When Jeff and I were told the cancer had returned in the late summer of 2018, we were devastated. Shortly after, we went to Disney World so the girls could get to experience this trip with their Mom and Dad. This trip ignited in Jeff a desire to keep going. He wanted to fight this cancer against the odds. So I began to research and connect with doctors from all around the world. Some things started to open up for him in terms of trials that might be impactful. We knew there was no guarantee. As a mother of our children, I had to play the short and long game at the same time. I was prompting him to write cards for the girls for a bunch of future occasions if he didn’t make it. We did the trips. We said all the words that needed to be said. But, I never once took my eyes off the prize of keeping him alive.
We were set to go to a clinical trial in California in June 2019. But one week before that on our big girl’s 10th birthday, Jeff had a paralyzing stroke while driving the girls home from breakfast out. This changed everything. Jeff had to stop doing palliative chemo and there was no way he was flying to California in that state nor would he be accepted into the trial while paralyzed.
Before the cancer, Jeff struggled at times with growing older and not being able to do things as he had before. He felt a bit more winded on the ice when he played hockey compared to the younger guys. It was challenging for Jeff to not be really good at things, because normally he always was. So the irony of this for him…going from a guy who tried out for Red Bull crashed ice skating competitions and with his team, won the North American Pond Hockey Championships (even with terminal cancer) too many times to count, to someone who was in a quadriplegic wheelchair that he could only take being in for 30 minutes a day due to the pressure on his lower back was a prison sentence for him.
Yet, he still wanted to stay. He was holding on for the girls and me. Right to the very end, he was pushing himself to stay alive. We wanted every day together we could get.
We were so in love and we were so scared. He desperately didn’t want to leave us.
It felt impossible to believe with my heart that Jeff could die even though cognitively I was very aware that he was a very sick man. I let his body do what it needed to. If he didn’t want to eat, I didn’t force him. Even if it was days without food at the end. His doctor told me this was part of the dying process.
I focused all of my energy on being with him. Loving him. And making him as comfortable as possible. Even though, my heart was breaking the entire time. But, I had to let him go because as long as I kept fighting, I knew he would too. It was time to put down the boxing gloves and just be with each other and really soak in every moment we had left.
After Jeff died, it left a massive hole in my life and in our daughters’ lives. People say that death gets easier with time. Maybe that is so. I haven’t gotten there yet and not sure if I ever will. Jeff dying at this stage in his life, in our girls’ lives, and in my life, still feels tragic to me. We were all so blessed. And I do believe we have a love that lives on forever. But, it still hurts.
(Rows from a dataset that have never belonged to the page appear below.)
Lemma scale_mixture_radially_nonincreasing {f : R -> R} :
  scale_mixture_of_normals f -> radially_nonincreasing f.
Proof.
move=> [H [_ Hf]] r u r0 ru; rewrite -lee_fin !Hf.
have kernel_ge0 (v t : R) : `]0, +oo[%classic t -> (0 <= (t^-1 * std_normal_pdf (v / t))%:E)%E.
  rewrite /= in_itv /= andbT => t0.
  by rewrite lee_fin mulr_ge0 ?std_normal_pdf_ge0 // invr_ge0 ltW.
apply: ge0_subset_le_integral; [exact: kernel_ge0|exact: kernel_ge0|by []|].
move=> t; rewrite /= in_itv /= andbT => t0.
rewrite lee_fin; apply: ler_wpM2l; first by rewrite invr_ge0 ltW.
apply: std_normal_pdf_radially_nonincreasing; first by rewrite divr_ge0 // ltW.
by rewrite normrM [`|t^-1|]gtr0_norm ?ler_pM2r ?invr_gt0.
Qed.

Lemma radially_nonincreasing_le_integral (f : R -> R) (a b : R) :
  radially_nonincreasing f -> (forall u, 0 <= f u) -> 0 <= a <= b ->
  (((b - a) * f b)%:E <= \int[mu]_(u in `[a, b[) (f u)%:E)%E.
Proof.
move=> fmono f0 /andP[a0 ab].
have -> : ((b - a) * f b)%:E = (\int[mu]_(u in `[a, b[) (cst (f b)%:E) u)%E.
  rewrite integral_cst //= lebesgue_measure_itv /= lte_fin.
  case: ltP => [_|ba]; first by rewrite -EFinD -EFinM mulrC.
  have -> : b = a by apply/le_anti; rewrite ab ba.
  by rewrite subrr mul0r mule0.
apply: ge0_subset_le_integral => // u; rewrite /= in_itv /= => /andP[au ub]; rewrite lee_fin //.
by rewrite fmono ?(le_trans a0) // ger0_norm ?(le_trans a0) // ltW.
Qed.

Lemma prob_density_radial_mul_le1 (f : R -> R) (r : R) :
  prob_density f -> radially_nonincreasing f -> 0 <= r -> r * f r <= 1.
Proof.
move=> [mf [f0 f1]] fmono r0; rewrite -lee_fin -f1.
have := @radially_nonincreasing_le_integral f 0 r fmono f0.
rewrite lexx r0 subr0 => /(_ isT) /le_trans; apply.
by apply: ge0_subset_le_integral => // u _; rewrite lee_fin.
Qed.

Lemma abs_cont_cdf_ge0_le1 {G : R -> R} (x : R) : abs_cont_cdf G -> 0 <= G x <= 1.
Proof.
move=> [g [[mg [g0 g1]] Gx]].
have mge : measurable_fun setT (fun t => (g t)%:E) by exact/measurable_EFinP.
rewrite -!lee_fin Gx integral_ge0 /= => [|t _]; last by rewrite lee_fin.
rewrite -g1 ge0_subset_integral // => t _; by rewrite lee_fin.
Qed.

End radial_densities.

Lemma exists_nat_itv {R : archiRealFieldType} (x : R) : 1 <= x ->
  exists k : nat, k.+1%:R <= x < k.+2%:R.
Proof.
move=> x1; have x0 : 0 <= x by exact: le_trans x1.
have := truncn_itv x0; have : (0 < Num.truncn x)%N by rewrite truncn_gt0.
by case: (Num.truncn x) => // k _; exists k.
Qed.

Lemma nneseries_telescope_inv {R : realType} :
  (\sum_(k <oo) ((k.+1%:R : R)^-1 - (k.+2%:R)^-1)%:E = 1)%E.
Proof.
pose g k : R := - (k.+1%:R)^-1.
have g0 : g @ \oo --> 0 by rewrite -oppr0; apply: cvgN; exact: cvg_harmonic.
have := @nondecreasing_telescope_sumey R 0 g.
rewrite EFin_lim; last by apply/cvg_ex; exists 0.
rewrite (cvg_lim _ g0) // sub0e /g -EFinN opprK invr1 => <- //.
  by apply: eq_eseriesr => k _; rewrite -EFinB opprK addrC.
by move=> m n mn; rewrite lerN2 lef_pV2 ?posrE ?ltr0n // ler_nat ltnS.
Qed.

Lemma trivIset_nat_itv {R : realType} :
  trivIset setT (fun k : nat => `[(k%:R : R), k.+1%:R[%classic).
Proof.
move=> i j _ _ [u [/= + +]]; rewrite !in_itv /= => /andP[iu ui] /andP[ju uj].
apply/eqP; rewrite eqn_leq -ltnS -(ltr_nat R) (le_lt_trans iu uj) /=.
by rewrite -ltnS -(ltr_nat R) (le_lt_trans ju ui).
Qed.

Lemma nneseries_radial_density_le1 {R : realType} (f : R -> R) :
  prob_density f -> radially_nonincreasing f -> (\sum_(k <oo) (f k.+1%:R)%:E <= 1)%E.
Proof.
move=> [mf [f0 f1]] fmono; pose U k := `[(k%:R : R), k.+1%:R[%classic.
apply: (@le_trans _ _ (\sum_(k <oo) \int[lebesgue_measure]_(u in U k) (f u)%:E)%E).
  apply: lee_nneseries => [k _ _|k _]; first by rewrite lee_fin.
  have := @radially_nonincreasing_le_integral R f k%:R k.+1%:R fmono f0.
  by rewrite ler_nat leqnSn ler0n -natrB // subSnn mul1r => /(_ isT).
rewrite -ge0_integral_bigcup //; last exact: trivIset_nat_itv.
- by rewrite -f1; apply: ge0_subset_le_integral => // u _; rewrite lee_fin.
- by move=> k; exact: measurable_itv.
- by apply/measurable_EFinP; exact: measurable_funTS.
- by move=> u _; rewrite lee_fin.
Qed.

Lemma staircase_mass_le {R : realFieldType} (a c F0 FK K : R) :
  0 < a -> 0 <= c -> 0 <= F0 -> 0 <= FK -> 1 <= K ->
  c * (((K + 1) / a) ^+ 2 * FK) * (a / K - a / (K + 1))
    + c * (F0 / (a * K) ^+ 2) * (a * (K + 1) - a * K)
  <= c * (2 / a) * (FK + F0 * (K^-1 - (K + 1)^-1)).
Proof.
move=> a0 c0 F00 FK0 K1; have K0 : 0 < K by exact: lt_le_trans K1.
rewrite -subr_ge0.
have -> : c * (2 / a) * (FK + F0 * (K^-1 - (K + 1)^-1))
    - (c * (((K + 1) / a) ^+ 2 * FK) * (a / K - a / (K + 1))
       + c * (F0 / (a * K) ^+ 2) * (a * (K + 1) - a * K))
    = c * (K - 1) / a * (FK / K + F0 / (K ^+ 2 * (K + 1))).
  by field; rewrite !gt_eqF ?addr_gt0.
apply: mulr_ge0; first by rewrite divr_ge0 ?mulr_ge0 ?subr_ge0 // ltW.
by rewrite addr_ge0 ?divr_ge0 ?mulr_ge0 ?exprn_ge0 ?addr_ge0 // ltW.
Qed.

Section inverse_scaling.
Context {R : realType} (f : R -> R) (a : R).
Hypotheses (fdens : prob_density f) (fmono : radially_nonincreasing f) (a0 : 0 < a).
Let f0 : forall u, 0 <= f u := fdens.2.1.
Local Notation mu := (@lebesgue_measure R).

(* Substituting t = a / s would turn the integral of s^-2 f (a / s) over (0, +oo)
   into a^-1 times that of f, but f need not be continuous.  Instead, (0, +oo) is
   cut into the intervals I k, where a / s lies in [k + 1, k + 2), and J k, where
   s / a does, and the integrand is bounded by a constant on each piece. *)
Let I k := `]a / k.+2%:R, a / k.+1%:R]%classic : set R.
Let J k := `[a * k.+1%:R, a * k.+2%:R[%classic : set R.
Let d k := (k.+2%:R / a) ^+ 2 * f k.+1%:R.
Let e k := f 0 / (a * k.+1%:R) ^+ 2.

Let d_ge0 k : 0 <= d k.
Proof. by rewrite mulr_ge0 ?exprn_ge0 ?divr_ge0 // ltW. Qed.

Let e_ge0 k : 0 <= e k.
Proof. by rewrite divr_ge0 ?exprn_ge0 // mulr_ge0 // ltW. Qed.

Lemma inv_sqr_comp_le_staircase (s : R) : 0 < s ->
  exists k, s ^- 2 * f (a / s) <= d k * \1_(I k) s + e k * \1_(J k) s.
Proof.
move=> s0; have s'0 : 0 <= s^-1 by rewrite invr_ge0 ltW.
have [s_lt_a|a_le_s] := ltP s a.
  have [k /andP[k1 k2]] : exists k : nat, k.+1%:R <= a / s < k.+2%:R.
    by apply: exists_nat_itv; rewrite ler_pdivlMr // mul1r ltW.
  exists k; rewrite indicE mem_set; last first.
    rewrite /I /= in_itv /= ltr_pdivrMr ?ltr0n // ler_pdivlMr ?ltr0n // !(mulrC s).
    by rewrite -ltr_pdivrMr // -ler_pdivlMr // k1 k2.
  rewrite mulr1; apply: (@le_trans _ _ (d k)); last by rewrite lerDl mulr_ge0.
  rewrite -exprVn; apply: ler_pM; rewrite ?exprn_ge0 //.
    by rewrite lerXn2r ?nnegrE ?divr_ge0 ?(ltW a0) // ler_pdivlMr // mulrC ltW.
  by rewrite fmono // ger0_norm // divr_ge0 // ltW.
have [k /andP[k1 k2]] : exists k : nat, k.+1%:R <= s / a < k.+2%:R.
  by apply: exists_nat_itv; rewrite ler_pdivlMr // mul1r.
exists k; rewrite [\1_(J k) s]indicE mem_set; last first.
  by rewrite /J /= in_itv /= !(mulrC a) -ler_pdivlMr // -ltr_pdivrMr // k1 k2.
rewrite mulr1; apply: (@le_trans _ _ (e k)); last by rewrite lerDr mulr_ge0.
rewrite mulrC /e.
apply: ler_pM => //; first by rewrite invr_ge0 exprn_ge0 // ltW.
  by apply: fmono.
rewrite lef_pV2 ?posrE ?exprn_gt0 ?mulr_gt0 // lerXn2r ?nnegrE ?mulr_ge0 ?(ltW a0) ?(ltW s0) //.
by rewrite mulrC -ler_pdivlMr.
Qed.

Lemma integral_staircase_le (c : R) (k : nat) : 0 <= c ->
  (\int[mu]_s (c * (d k * \1_(I k) s + e k * \1_(J k) s))%:E
    <= (c * (2 / a) * (f k.+1%:R + f 0 * (k.+1%:R^-1 - k.+2%:R^-1)))%:E)%E.
Proof.
move=> c0.
have cd0 : 0 <= c * d k by rewrite mulr_ge0.
have ce0 : 0 <= c * e k by rewrite mulr_ge0.
have mI : measurable (I k) by exact: measurable_itv.
have mJ : measurable (J k) by exact: measurable_itv.
under eq_integral do
  rewrite mulrDr (mulrA c (d k)) (mulrA c (e k)) EFinD (EFinM (c * d k)) (EFinM (c * e k)).
rewrite ge0_integralD //; last 4 first.
- by move=> s _; rewrite -EFinM lee_fin indicE mulr_ge0.
- by apply: measurable_funeM; apply/measurable_EFinP; exact: measurable_indic.
- by move=> s _; rewrite -EFinM lee_fin indicE mulr_ge0.
- by apply: measurable_funeM; apply/measurable_EFinP; exact: measurable_indic.
rewrite !ge0_integralZl_EFin //; last 2 first.
- by apply/measurable_EFinP; exact: measurable_indic.
- by apply/measurable_EFinP; exact: measurable_indic.
rewrite !integral_indic // !setIT /I /J /= !lebesgue_measure_itv /= !lte_fin.
rewrite ifT; last by rewrite ltr_pM2l // ltf_pV2 ?posrE ?ltr0n // ltr_nat.
rewrite ifT; last by rewrite ltr_pM2l // ltr_nat.
rewrite -!EFinD lee_fin -[k.+2%:R]natr1 /d /e -[k.+2%:R]natr1.
by apply: staircase_mass_le; rewrite ?ler1n.
Qed.

Lemma nneseries_staircase_mass_le (C : R) : 0 <= C ->
  (\sum_(k <oo) (C * (f k.+1%:R + f 0 * (k.+1%:R^-1 - k.+2%:R^-1)))%:E
    <= (C * (1 + f 0))%:E)%E.
Proof.
move=> C0; have t0 k : 0 <= k.+1%:R^-1 - k.+2%:R^-1 :> R.
  by rewrite subr_ge0 lef_pV2 ?posrE ?ltr0n // ler_nat.
rewrite (eq_eseriesr (fun k _ => EFinM _ _)) nneseriesZl => [|k _]; last first.
  by rewrite lee_fin addr_ge0 // mulr_ge0.
rewrite [leRHS]EFinM; apply: lee_wpmul2l; first by rewrite lee_fin.
under eq_eseriesr do rewrite EFinD EFinM.
rewrite nneseriesD => [|k _ _|k _ _]; last 2 first.
- by rewrite lee_fin.
- by rewrite lee_fin mulr_ge0.
rewrite nneseriesZl => [|k _]; last by rewrite lee_fin.
rewrite nneseries_telescope_inv mule1 EFinD leeD2r //.
exact: nneseries_radial_density_le1.
Qed.

Lemma integral_inv_sqr_comp_le (c : R) : 0 <= c ->
  (\int[mu]_(s in `]0%R, +oo[) (c * (s ^- 2 * f (a / s)))%:E
    <= (c * (2 / a) * (1 + f 0))%:E)%E.
Proof.
move=> c0; pose g k s := (c * (d k * \1_(I k) s + e k * \1_(J k) s))%:E.
have g0 k s : (0 <= g k s)%E.
  by rewrite lee_fin mulr_ge0 // addr_ge0 // mulr_ge0 // indicE.
apply: le_trans (@ge0_integral_le_nneseries _ _ _ mu _ _ g _ g0 _ _) _.
- move=> k; apply/measurable_EFinP; apply: measurable_funM => //.
  by apply: measurable_funD; apply: measurable_funM => //; apply: measurable_indic;
    exact: measurable_itv.
- move=> s; rewrite /= in_itv /= andbT => s0.
  by rewrite lee_fin mulr_ge0 // mulr_ge0 ?f0 // invr_ge0 exprn_ge0 // ltW.
- move=> s; rewrite /= in_itv /= andbT => s0.
  have [k hk] := inv_sqr_comp_le_staircase s s0.
  rewrite (@nneseriesD1 _ _ k) //; apply: le_trans (leeDl _ (nneseries_ge0 _)) => //.
  by rewrite lee_fin ler_wpM2l.
apply: le_trans (lee_nneseries _ (fun k _ => integral_staircase_le c k c0)) _.
  by move=> k _ _; apply: integral_ge0 => s _; exact: g0.
by apply: nneseries_staircase_mass_le; rewrite mulr_ge0 // divr_ge0 // ltW.
Qed.

End inverse_scaling.

Lemma prodr_le_exp_sum {R : realDomainType} {n : nat} (k : 'I_n) (g : 'I_n -> R) (B : R) :
  (forall j, 0 <= g j) -> (forall j, j != k -> g j <= B) ->
  \prod_j g j <= B ^+ n.-1 * \sum_j g j.
Proof.
move=> g0 gB; rewrite (bigD1 k) //= mulrC.
apply: ler_pM; [exact: prodr_ge0|exact: g0| |].
  have -> : B ^+ n.-1 = \prod_(j | j != k) B by rewrite prodr_const cardC1 card_ord.
  by apply: ler_prod => j jk; rewrite g0 gB.
by rewrite (bigD1 k) //= lerDl sumr_ge0.
Qed.

Section separated_points.
Context {R : realType} {n : nat} (x : 'I_n -> R).

Lemma injective_separated : injective x ->
  exists2 a : R, 0 < a & forall i j, i != j -> 2 * a <= `|x i - x j|.
Proof.
move=> xinj.
pose m := \big[Order.min/1]_(ij : 'I_n * 'I_n | ij.1 != ij.2) `|x ij.1 - x ij.2|.
have m0 : 0 < m.
  apply: lt_bigmin => // ij ij12; rewrite normr_gt0 subr_eq0.
  by apply: contra ij12 => /eqP /xinj ->.
exists (m / 2) => [|i j ij]; first by rewrite divr_gt0.
rewrite mulrC divfK ?pnatr_eq0 //.
exact: (@bigmin_le_cond _ _ _ _ (i, j) (fun ij : 'I_n * 'I_n => ij.1 != ij.2)
  (fun ij => `|x ij.1 - x ij.2|)).
Qed.

Lemma separated_far_but_one (a mu : R) : (0 < n)%N ->
  (forall i j, i != j -> 2 * a <= `|x i - x j|) ->
  exists k : 'I_n, forall j, j != k -> a <= `|x j - mu|.
Proof.
move=> n0 xsep; have [[k xk]|far] := pselect (exists k, `|x k - mu| < a).
  exists k => j jk; rewrite leNgt; apply/negP => xj.
  have := xsep j k jk; have := ler_distD mu (x j) (x k).
  rewrite [`|mu - _|]distrC; lra.
exists (Ordinal n0) => j _; rewrite leNgt; apply/negP => xj; apply: far; by exists j.
Qed.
As I look at our girls, sometimes I can’t help but smile when I see our eldest have a grin on her face that looks just like her Dad. Or when our little one scores a goal or makes a great save as a goalie in sports. He is still all around us.
I know I wouldn’t have been the person I am today without knowing and loving Jeff Oestreicher. He made me more grounded, empathic, kind, and he loved me completely and unconditionally - the kind of love I had thought before was only possible between a parent and a child. And because I was loved that deeply, I now love even deeper. I share this love with our daughters, our family, our friends, and myself.
I wish Jeff could be here today on his birthday. Oh, the things we would do! But I am thankful every day to have been loved by this amazing man and for the gift of our daughters that he is so very much a part of.
Happy birthday, honey. I love you. I love you. I love you.